For the data below, restate word for word only the lines from the line containing "rewrite (eq_bigr (fun=>" through the line containing "Lemma host_trans_rightE k", both ends included.
= Beginning of Section =
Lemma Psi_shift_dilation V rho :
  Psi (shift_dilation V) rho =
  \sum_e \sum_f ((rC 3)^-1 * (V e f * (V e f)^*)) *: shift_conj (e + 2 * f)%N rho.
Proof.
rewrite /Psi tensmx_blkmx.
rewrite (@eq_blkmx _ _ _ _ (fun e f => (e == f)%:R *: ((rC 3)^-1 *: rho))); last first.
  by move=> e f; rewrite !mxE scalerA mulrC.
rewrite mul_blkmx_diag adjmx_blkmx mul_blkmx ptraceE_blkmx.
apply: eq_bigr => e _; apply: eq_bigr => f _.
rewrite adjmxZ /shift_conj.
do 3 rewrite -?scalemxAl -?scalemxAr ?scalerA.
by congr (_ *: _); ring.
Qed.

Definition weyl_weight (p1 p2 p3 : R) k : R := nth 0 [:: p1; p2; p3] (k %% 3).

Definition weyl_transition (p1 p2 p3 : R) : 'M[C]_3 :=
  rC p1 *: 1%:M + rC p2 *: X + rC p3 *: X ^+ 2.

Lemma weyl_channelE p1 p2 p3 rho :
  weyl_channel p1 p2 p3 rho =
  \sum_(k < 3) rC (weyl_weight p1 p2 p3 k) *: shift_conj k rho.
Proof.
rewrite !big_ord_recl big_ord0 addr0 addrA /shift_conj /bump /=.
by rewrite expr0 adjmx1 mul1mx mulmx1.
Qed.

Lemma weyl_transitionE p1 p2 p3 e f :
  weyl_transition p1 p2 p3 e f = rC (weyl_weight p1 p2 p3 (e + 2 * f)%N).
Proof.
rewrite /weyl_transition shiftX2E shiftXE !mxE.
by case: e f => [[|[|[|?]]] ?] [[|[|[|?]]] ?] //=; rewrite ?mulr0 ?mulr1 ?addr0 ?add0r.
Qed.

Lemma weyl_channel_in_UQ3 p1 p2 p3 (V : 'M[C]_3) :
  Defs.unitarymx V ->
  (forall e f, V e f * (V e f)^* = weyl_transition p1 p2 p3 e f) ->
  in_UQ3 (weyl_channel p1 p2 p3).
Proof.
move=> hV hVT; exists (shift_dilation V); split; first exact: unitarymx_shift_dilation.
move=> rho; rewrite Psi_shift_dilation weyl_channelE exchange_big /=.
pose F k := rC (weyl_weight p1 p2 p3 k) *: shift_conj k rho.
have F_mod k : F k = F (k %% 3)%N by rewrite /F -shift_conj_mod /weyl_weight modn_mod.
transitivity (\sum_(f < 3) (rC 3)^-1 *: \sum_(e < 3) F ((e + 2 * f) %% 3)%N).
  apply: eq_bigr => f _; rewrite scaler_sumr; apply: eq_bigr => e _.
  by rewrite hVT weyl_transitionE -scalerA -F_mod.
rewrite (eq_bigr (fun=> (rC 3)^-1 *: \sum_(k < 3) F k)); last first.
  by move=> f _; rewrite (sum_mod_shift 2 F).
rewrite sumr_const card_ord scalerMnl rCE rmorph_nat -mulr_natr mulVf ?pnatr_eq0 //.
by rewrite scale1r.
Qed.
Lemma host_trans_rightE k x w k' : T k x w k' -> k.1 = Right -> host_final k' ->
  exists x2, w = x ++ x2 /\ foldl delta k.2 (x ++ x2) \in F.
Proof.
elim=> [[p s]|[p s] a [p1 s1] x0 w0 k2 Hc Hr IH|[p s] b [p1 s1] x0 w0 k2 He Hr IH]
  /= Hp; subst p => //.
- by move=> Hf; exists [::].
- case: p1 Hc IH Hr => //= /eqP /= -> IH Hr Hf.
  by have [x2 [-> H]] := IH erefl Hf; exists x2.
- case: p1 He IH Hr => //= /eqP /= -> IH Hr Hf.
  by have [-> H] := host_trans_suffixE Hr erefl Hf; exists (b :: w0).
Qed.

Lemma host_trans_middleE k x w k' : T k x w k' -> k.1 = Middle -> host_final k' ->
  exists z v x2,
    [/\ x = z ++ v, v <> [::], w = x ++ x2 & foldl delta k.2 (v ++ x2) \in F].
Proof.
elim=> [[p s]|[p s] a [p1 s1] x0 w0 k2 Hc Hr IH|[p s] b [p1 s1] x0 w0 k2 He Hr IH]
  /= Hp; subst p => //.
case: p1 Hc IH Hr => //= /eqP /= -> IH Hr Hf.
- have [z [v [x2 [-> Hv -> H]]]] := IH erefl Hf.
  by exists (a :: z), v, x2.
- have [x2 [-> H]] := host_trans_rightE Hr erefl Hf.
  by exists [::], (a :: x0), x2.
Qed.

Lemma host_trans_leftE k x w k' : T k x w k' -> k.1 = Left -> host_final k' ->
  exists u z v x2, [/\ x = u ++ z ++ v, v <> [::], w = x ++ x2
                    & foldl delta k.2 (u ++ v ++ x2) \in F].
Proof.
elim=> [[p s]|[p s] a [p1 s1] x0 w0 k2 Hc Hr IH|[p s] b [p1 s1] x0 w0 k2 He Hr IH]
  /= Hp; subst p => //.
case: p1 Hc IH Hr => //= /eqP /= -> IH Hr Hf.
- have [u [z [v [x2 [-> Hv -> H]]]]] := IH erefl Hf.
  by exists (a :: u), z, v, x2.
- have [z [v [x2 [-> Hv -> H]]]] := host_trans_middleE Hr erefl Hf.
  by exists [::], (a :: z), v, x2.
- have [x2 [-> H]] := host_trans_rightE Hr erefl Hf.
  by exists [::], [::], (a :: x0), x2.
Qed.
= End of Section =
**EXERCISE ANSWER**.
rewrite (eq_bigr (fun=> (rC 3)^-1 *: \sum_(k < 3) F k)); last first.
  by move=> f _; rewrite (sum_mod_shift 2 F).
rewrite sumr_const card_ord scalerMnl rCE rmorph_nat -mulr_natr mulVf ?pnatr_eq0 //.
by rewrite scale1r.
Qed.
Lemma host_trans_rightE k x w k' : T k x w k' -> k.1 = Right -> host_final k' ->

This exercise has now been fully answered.